TO DO
Give again, word for word, every line in the entries below from the line with "Hypothesis shift_unit : forall" up to and including the line with "Local Notation M := (ctr V *m V).", and no other line.

EXCERPTED DATA
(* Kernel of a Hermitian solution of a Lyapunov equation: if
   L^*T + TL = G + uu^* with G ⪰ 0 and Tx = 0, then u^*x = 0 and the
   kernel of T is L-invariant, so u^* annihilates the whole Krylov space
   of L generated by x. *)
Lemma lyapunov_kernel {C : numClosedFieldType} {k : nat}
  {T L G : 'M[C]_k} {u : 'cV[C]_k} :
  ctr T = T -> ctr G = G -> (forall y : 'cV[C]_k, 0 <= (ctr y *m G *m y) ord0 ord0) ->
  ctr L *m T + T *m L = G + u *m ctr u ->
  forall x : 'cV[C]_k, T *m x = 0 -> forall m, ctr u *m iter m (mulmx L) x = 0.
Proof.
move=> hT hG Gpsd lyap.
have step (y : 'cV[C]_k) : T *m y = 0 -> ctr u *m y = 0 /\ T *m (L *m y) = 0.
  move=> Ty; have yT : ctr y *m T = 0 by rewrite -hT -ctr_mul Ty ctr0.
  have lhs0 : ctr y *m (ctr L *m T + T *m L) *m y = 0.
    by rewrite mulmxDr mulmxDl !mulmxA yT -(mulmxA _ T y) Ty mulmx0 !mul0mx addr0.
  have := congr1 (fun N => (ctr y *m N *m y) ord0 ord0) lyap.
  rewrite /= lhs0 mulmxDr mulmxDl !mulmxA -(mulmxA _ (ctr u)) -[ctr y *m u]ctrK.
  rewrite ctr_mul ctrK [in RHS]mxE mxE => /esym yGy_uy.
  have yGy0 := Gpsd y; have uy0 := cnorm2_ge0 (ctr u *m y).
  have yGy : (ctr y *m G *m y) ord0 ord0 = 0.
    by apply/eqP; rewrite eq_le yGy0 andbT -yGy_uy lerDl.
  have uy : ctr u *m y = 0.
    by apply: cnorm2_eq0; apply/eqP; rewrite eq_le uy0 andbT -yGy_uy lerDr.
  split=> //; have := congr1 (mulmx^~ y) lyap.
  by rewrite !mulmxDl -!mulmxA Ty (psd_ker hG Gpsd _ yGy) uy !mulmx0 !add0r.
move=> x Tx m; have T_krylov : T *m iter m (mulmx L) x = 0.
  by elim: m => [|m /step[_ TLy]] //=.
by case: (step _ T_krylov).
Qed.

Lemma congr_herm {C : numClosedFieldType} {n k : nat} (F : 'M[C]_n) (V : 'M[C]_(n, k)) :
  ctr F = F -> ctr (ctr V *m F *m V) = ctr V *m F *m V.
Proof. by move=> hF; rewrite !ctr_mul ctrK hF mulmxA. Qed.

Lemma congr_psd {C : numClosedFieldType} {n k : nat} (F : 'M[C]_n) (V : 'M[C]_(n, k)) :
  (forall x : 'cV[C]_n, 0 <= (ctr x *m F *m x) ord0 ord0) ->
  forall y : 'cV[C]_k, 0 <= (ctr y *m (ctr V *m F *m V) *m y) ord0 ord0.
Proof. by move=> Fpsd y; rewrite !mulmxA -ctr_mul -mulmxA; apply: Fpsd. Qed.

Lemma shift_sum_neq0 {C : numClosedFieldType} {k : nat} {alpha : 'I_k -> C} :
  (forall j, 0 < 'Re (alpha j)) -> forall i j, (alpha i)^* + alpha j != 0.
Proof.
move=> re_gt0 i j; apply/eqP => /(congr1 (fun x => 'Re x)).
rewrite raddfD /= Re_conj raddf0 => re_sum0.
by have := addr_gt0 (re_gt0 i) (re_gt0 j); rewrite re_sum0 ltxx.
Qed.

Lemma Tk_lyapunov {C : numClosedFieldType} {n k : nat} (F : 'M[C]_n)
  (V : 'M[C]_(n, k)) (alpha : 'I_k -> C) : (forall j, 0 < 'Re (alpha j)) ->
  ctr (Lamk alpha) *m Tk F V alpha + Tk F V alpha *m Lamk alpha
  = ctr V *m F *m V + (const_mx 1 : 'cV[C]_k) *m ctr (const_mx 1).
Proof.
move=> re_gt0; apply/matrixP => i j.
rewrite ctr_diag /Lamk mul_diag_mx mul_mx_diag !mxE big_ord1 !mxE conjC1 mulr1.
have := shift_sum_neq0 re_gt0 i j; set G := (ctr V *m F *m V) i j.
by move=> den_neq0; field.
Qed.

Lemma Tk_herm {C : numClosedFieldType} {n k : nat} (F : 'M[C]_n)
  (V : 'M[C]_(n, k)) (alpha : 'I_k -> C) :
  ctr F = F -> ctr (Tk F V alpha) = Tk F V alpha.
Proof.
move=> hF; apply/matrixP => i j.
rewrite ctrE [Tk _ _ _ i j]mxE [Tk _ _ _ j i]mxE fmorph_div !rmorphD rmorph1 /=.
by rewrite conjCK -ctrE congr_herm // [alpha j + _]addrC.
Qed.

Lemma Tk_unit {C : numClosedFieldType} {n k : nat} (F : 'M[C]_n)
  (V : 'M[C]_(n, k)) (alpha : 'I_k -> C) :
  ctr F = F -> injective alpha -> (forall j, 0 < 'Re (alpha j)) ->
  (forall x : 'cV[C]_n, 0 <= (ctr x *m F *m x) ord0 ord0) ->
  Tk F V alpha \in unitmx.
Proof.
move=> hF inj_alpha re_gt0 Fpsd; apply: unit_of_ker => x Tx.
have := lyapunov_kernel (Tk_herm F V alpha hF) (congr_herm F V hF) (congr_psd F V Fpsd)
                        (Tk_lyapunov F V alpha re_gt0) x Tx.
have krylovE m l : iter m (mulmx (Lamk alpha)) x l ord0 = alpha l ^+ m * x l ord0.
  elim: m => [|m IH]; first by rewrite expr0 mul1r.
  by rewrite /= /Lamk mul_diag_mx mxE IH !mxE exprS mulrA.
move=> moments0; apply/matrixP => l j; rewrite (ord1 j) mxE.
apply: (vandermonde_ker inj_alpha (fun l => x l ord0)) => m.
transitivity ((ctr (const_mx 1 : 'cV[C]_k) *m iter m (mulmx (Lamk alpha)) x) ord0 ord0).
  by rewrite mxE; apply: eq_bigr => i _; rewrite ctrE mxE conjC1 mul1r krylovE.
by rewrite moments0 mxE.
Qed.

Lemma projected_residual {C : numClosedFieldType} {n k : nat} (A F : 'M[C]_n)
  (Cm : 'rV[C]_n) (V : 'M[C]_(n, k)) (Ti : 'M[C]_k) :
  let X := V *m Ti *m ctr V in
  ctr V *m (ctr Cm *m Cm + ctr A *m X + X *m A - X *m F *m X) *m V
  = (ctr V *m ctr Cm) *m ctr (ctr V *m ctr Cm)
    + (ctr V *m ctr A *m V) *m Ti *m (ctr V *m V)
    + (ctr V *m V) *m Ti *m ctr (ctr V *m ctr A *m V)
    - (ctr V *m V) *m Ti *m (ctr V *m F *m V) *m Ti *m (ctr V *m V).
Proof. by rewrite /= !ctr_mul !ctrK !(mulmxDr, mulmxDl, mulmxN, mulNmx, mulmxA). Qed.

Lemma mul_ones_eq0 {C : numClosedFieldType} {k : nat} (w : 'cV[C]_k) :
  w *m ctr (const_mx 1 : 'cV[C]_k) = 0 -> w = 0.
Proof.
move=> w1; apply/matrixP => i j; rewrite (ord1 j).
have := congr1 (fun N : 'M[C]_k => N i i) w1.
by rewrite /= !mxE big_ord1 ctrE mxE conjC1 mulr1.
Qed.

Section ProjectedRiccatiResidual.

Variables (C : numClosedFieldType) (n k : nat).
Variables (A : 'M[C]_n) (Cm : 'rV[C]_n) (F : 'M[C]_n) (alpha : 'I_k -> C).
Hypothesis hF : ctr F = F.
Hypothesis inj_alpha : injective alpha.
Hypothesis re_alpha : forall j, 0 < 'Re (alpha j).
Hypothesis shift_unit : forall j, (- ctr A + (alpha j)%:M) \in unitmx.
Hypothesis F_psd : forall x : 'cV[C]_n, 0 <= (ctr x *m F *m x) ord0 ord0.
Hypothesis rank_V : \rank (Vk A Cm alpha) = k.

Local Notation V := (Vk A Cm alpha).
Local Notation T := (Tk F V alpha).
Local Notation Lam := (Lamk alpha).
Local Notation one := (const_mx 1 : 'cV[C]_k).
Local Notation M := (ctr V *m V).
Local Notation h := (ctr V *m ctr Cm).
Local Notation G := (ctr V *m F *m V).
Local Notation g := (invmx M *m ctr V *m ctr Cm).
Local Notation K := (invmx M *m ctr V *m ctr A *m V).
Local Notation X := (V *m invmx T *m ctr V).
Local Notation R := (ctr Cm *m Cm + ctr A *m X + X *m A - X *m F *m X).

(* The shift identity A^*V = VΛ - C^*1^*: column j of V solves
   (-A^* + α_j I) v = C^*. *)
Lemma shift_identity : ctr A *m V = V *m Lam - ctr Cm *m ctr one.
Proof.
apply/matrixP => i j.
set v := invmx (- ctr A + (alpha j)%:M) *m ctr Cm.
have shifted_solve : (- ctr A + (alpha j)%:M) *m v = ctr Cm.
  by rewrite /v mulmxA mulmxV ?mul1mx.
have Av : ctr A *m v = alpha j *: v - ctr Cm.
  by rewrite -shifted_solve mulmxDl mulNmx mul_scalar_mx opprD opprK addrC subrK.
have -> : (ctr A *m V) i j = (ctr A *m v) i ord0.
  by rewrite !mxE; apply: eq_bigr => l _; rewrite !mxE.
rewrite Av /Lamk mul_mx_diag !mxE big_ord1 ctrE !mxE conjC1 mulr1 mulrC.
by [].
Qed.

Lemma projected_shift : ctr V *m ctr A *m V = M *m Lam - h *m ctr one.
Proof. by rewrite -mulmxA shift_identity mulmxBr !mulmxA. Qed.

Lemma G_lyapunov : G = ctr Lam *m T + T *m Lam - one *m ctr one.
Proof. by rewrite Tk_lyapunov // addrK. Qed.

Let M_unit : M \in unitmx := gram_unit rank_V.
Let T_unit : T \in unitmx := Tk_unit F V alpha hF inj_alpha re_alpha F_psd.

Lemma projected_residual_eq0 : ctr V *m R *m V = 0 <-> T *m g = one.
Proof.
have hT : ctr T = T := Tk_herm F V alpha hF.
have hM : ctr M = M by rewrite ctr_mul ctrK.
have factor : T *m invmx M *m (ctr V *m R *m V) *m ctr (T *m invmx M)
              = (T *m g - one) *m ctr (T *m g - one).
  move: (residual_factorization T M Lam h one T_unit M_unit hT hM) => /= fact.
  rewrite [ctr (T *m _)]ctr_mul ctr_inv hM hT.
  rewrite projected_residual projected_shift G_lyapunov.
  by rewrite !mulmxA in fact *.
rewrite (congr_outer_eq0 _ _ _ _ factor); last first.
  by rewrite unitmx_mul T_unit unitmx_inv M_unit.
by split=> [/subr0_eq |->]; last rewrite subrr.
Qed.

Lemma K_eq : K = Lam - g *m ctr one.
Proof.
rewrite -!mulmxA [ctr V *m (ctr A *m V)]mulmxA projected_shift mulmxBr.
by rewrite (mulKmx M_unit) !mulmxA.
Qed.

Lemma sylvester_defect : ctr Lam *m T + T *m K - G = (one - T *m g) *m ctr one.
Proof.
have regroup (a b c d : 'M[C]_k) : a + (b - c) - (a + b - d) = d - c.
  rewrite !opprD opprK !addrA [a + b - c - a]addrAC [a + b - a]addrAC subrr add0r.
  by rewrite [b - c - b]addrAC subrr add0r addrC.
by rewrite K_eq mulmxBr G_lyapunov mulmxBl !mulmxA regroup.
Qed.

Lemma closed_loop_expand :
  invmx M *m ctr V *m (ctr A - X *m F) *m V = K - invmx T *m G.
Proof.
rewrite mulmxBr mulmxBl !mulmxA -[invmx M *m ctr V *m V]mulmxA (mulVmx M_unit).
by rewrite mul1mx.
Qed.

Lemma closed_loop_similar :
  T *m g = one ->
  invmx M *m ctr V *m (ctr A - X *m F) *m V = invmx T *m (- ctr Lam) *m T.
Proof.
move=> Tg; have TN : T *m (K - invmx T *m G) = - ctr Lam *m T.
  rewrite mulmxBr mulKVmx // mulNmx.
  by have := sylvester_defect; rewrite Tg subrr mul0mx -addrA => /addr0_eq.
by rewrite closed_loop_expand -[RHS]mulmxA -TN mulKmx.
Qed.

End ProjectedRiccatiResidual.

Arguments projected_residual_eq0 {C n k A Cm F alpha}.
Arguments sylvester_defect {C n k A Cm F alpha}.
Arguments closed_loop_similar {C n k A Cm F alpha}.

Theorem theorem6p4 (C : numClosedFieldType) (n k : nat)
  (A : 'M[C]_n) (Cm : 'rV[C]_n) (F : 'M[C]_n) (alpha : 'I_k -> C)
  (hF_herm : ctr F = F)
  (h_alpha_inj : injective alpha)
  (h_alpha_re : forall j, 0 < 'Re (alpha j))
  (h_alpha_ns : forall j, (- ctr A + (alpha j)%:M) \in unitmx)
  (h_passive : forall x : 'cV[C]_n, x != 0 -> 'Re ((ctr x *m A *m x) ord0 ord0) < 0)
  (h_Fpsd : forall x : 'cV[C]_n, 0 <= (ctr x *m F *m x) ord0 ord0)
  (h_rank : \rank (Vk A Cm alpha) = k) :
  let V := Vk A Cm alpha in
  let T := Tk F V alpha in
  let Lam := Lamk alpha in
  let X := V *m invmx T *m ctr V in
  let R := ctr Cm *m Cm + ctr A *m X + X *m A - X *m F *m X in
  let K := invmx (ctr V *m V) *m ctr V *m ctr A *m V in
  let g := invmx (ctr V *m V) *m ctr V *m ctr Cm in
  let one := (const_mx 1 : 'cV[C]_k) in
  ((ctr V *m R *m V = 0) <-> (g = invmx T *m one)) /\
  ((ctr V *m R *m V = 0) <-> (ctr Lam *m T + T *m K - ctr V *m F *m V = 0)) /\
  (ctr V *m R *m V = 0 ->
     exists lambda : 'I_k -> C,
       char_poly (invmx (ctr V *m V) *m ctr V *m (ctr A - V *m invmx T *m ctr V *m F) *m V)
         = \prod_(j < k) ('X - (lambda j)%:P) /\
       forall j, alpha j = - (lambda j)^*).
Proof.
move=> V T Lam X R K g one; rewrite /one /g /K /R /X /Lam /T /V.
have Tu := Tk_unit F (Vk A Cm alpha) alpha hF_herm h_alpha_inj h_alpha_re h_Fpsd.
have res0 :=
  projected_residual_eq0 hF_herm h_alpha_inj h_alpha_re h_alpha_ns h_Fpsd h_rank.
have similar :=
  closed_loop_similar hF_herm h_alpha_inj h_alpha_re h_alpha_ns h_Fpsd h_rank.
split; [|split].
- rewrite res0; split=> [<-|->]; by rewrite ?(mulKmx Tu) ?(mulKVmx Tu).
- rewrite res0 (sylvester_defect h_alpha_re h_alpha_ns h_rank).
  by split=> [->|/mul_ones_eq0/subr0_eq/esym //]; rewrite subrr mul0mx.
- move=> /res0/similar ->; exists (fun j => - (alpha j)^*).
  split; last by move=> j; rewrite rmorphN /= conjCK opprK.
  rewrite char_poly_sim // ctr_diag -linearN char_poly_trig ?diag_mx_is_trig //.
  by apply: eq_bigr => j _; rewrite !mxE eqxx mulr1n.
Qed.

RESPONSE BELOW
Hypothesis shift_unit : forall j, (- ctr A + (alpha j)%:M) \in unitmx.
Hypothesis F_psd : forall x : 'cV[C]_n, 0 <= (ctr x *m F *m x) ord0 ord0.
Hypothesis rank_V : \rank (Vk A Cm alpha) = k.

Local Notation V := (Vk A Cm alpha).
Local Notation T := (Tk F V alpha).
Local Notation Lam := (Lamk alpha).
Local Notation one := (const_mx 1 : 'cV[C]_k).
Local Notation M := (ctr V *m V).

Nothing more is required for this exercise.